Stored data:

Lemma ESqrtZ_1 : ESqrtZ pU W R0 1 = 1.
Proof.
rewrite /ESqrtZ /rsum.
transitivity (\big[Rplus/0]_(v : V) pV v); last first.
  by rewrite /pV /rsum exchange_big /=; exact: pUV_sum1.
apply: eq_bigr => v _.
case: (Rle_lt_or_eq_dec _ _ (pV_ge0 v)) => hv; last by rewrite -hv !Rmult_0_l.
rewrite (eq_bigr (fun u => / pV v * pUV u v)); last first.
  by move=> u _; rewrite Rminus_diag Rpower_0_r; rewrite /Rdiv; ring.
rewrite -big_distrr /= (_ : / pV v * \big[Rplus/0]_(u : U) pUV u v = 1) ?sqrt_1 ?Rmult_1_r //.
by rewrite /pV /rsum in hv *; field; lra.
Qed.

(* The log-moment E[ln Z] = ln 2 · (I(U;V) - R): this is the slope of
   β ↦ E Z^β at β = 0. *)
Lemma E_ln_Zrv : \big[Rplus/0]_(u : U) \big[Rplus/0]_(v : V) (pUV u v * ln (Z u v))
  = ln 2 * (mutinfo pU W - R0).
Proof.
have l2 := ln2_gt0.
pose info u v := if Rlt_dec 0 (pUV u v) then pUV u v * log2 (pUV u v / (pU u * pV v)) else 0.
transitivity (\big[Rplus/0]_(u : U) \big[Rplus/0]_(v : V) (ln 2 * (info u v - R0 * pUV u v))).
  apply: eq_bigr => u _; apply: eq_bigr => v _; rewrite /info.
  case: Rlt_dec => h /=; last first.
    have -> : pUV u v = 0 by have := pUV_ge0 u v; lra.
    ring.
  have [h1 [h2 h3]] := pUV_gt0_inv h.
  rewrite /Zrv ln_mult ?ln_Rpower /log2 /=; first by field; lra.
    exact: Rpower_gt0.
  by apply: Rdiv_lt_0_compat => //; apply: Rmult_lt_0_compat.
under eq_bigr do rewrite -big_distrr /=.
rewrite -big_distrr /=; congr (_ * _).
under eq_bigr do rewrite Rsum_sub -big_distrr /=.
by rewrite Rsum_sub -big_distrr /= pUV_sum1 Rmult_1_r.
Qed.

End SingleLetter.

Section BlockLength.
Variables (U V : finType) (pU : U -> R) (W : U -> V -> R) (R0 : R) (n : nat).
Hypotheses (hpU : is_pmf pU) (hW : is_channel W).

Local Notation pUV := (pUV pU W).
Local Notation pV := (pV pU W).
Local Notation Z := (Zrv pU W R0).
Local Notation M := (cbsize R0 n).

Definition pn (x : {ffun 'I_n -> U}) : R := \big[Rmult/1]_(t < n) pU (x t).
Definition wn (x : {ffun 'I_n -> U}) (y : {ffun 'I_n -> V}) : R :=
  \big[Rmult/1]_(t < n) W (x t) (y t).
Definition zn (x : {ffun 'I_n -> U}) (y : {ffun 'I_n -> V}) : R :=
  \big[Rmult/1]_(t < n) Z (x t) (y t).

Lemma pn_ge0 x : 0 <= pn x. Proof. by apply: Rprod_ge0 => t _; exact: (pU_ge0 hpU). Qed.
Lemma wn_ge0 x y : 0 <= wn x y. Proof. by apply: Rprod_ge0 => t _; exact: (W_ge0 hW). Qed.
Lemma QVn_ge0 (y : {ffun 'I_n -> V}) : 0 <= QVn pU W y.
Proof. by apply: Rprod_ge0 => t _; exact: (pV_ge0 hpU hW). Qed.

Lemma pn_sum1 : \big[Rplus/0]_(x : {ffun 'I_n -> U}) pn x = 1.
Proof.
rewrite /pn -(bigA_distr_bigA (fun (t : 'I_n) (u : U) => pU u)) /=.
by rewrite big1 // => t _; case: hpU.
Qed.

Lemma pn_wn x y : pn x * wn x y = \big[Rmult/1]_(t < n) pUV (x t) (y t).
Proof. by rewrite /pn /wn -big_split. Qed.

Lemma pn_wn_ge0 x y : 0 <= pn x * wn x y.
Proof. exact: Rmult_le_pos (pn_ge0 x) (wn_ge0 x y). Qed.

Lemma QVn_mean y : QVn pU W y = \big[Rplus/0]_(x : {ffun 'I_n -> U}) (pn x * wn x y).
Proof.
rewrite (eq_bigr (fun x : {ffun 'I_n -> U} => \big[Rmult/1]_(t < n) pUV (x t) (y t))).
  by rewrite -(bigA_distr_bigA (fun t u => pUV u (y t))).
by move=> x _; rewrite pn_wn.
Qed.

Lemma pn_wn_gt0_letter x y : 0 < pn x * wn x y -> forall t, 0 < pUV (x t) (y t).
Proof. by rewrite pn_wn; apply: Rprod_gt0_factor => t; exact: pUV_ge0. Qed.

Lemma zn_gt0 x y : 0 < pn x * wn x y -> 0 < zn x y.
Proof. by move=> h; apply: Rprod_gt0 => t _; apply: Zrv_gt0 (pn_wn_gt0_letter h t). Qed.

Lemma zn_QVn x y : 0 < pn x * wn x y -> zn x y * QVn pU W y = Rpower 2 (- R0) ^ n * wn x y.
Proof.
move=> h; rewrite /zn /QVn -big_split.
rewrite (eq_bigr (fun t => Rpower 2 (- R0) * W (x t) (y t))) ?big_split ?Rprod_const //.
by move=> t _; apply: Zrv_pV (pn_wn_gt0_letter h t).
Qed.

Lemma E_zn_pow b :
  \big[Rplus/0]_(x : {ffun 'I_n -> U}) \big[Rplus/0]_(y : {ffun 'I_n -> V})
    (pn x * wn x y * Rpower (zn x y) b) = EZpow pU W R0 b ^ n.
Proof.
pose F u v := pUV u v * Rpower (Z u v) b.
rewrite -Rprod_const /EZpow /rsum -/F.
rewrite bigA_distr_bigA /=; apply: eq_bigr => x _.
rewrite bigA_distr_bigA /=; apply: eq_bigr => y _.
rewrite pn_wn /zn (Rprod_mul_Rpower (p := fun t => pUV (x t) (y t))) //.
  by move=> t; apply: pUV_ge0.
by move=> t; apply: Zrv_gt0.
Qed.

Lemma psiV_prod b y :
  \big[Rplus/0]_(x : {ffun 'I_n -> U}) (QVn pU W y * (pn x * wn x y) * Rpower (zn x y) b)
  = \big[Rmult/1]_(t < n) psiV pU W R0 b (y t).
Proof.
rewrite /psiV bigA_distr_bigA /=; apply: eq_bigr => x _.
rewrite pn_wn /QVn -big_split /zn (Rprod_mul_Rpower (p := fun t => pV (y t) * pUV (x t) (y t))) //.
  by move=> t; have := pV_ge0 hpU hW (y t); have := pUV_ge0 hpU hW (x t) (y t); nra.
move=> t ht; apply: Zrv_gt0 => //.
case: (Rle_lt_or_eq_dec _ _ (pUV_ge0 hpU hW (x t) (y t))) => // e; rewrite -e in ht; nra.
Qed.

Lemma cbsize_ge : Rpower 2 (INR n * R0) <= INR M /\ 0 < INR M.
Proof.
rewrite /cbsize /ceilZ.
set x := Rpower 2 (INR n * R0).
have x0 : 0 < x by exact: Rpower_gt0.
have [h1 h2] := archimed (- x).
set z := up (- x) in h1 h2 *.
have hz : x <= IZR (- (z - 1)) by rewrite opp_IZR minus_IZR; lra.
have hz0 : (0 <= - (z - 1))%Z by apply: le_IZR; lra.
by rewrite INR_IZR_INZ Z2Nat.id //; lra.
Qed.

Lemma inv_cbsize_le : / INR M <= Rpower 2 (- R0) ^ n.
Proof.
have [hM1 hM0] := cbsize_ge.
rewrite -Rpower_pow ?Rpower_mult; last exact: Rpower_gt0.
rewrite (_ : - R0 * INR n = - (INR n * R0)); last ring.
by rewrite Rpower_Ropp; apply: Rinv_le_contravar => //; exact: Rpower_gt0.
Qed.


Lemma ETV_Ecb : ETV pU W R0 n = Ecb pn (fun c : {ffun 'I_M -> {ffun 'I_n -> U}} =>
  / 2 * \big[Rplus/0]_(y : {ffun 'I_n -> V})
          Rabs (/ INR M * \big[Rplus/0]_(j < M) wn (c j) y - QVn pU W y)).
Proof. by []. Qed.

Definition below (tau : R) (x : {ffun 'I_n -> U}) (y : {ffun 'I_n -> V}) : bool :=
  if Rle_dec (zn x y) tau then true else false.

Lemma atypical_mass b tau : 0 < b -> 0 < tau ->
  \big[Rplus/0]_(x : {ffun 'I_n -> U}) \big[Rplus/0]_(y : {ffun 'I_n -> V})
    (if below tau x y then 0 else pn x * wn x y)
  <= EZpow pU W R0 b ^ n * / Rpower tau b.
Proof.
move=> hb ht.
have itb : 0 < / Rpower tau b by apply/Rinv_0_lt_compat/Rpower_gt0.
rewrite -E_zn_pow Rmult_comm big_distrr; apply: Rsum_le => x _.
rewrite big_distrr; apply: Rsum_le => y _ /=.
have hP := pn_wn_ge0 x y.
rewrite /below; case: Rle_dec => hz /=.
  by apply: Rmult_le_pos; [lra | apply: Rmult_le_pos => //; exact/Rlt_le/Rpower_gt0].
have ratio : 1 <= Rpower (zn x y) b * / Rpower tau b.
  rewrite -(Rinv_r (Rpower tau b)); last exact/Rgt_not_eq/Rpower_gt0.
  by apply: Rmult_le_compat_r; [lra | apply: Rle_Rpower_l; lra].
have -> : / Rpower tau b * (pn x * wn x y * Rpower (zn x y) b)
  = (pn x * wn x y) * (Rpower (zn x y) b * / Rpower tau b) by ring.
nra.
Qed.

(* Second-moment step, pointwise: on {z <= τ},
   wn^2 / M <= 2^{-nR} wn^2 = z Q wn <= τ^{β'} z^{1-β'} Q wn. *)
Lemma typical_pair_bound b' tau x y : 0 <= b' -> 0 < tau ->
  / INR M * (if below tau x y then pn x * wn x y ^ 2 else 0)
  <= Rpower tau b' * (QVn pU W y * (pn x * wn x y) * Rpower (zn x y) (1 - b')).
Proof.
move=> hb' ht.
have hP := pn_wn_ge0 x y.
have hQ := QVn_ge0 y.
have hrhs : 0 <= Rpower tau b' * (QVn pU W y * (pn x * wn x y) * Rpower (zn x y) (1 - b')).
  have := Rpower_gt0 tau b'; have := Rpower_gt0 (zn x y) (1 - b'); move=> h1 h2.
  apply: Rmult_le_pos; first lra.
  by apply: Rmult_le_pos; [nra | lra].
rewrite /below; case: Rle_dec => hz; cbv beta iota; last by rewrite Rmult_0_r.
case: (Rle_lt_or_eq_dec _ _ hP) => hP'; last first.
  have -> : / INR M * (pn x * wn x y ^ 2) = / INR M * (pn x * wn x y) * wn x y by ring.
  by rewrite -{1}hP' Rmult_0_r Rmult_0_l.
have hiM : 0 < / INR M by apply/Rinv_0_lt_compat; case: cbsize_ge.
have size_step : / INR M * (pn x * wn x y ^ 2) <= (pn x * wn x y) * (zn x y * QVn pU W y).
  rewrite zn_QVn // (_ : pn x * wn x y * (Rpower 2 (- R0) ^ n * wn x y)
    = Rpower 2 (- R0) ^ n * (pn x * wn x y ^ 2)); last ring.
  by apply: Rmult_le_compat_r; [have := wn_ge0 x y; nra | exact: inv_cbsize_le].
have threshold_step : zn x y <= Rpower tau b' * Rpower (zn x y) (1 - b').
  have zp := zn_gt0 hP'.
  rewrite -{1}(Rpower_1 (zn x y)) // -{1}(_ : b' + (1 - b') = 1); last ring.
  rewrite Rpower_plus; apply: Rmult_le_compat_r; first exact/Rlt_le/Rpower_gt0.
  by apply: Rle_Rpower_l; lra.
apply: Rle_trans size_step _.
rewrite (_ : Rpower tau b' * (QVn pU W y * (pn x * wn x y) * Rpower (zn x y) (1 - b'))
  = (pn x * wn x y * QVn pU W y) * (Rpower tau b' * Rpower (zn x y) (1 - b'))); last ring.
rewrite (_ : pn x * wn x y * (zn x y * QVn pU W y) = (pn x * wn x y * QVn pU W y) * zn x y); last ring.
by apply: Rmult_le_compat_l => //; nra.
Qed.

* * *

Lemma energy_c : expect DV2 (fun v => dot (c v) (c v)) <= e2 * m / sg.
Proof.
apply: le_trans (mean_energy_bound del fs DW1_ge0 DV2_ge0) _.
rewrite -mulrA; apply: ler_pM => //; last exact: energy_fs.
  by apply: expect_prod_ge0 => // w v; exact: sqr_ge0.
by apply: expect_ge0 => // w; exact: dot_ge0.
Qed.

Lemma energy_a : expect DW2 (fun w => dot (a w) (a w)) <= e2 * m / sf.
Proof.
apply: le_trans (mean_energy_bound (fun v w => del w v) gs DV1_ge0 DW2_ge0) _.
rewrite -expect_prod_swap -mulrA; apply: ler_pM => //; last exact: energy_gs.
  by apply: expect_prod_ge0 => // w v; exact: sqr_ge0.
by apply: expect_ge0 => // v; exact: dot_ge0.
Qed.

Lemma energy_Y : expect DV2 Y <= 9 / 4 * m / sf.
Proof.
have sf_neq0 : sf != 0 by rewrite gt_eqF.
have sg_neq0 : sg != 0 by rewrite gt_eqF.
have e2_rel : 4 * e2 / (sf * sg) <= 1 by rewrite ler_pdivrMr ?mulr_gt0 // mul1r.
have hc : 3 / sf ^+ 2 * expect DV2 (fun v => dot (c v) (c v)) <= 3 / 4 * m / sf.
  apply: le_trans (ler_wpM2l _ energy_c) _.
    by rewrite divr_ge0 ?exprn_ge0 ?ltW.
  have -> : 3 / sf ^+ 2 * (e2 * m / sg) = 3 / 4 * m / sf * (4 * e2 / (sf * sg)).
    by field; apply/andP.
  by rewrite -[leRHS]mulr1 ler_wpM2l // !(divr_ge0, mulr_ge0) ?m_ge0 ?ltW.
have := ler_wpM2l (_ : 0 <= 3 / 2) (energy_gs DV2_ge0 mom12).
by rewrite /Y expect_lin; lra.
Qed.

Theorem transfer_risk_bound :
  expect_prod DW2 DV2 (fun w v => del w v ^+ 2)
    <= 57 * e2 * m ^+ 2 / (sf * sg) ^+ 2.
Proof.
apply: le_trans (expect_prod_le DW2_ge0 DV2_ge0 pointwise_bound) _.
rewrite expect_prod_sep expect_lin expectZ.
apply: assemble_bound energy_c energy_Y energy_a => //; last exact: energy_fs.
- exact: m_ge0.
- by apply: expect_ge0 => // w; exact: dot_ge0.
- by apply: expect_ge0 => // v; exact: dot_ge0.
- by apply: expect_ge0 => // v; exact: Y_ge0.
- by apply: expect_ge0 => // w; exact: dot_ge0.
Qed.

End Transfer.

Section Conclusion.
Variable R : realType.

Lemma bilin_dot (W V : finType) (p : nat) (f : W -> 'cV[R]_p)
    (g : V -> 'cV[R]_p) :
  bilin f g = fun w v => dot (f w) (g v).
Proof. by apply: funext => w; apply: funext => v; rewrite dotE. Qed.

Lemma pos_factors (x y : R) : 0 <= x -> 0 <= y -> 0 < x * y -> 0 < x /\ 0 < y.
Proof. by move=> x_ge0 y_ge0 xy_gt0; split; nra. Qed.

* **WHAT THE EXERCISE ASKS**: In your answer, include only the lines above starting at the line that holds "Lemma ESqrtZ_1 : ESqrtZ pU W R0 1 = 1." and ending at the line that holds "by move=> u", copied exactly.

* **ANSWER TO THIS PROBLEM**:
Lemma ESqrtZ_1 : ESqrtZ pU W R0 1 = 1.
Proof.
rewrite /ESqrtZ /rsum.
transitivity (\big[Rplus/0]_(v : V) pV v); last first.
  by rewrite /pV /rsum exchange_big /=; exact: pUV_sum1.
apply: eq_bigr => v _.
case: (Rle_lt_or_eq_dec _ _ (pV_ge0 v)) => hv; last by rewrite -hv !Rmult_0_l.
rewrite (eq_bigr (fun u => / pV v * pUV u v)); last first.
  by move=> u _; rewrite Rminus_diag Rpower_0_r; rewrite /Rdiv; ring.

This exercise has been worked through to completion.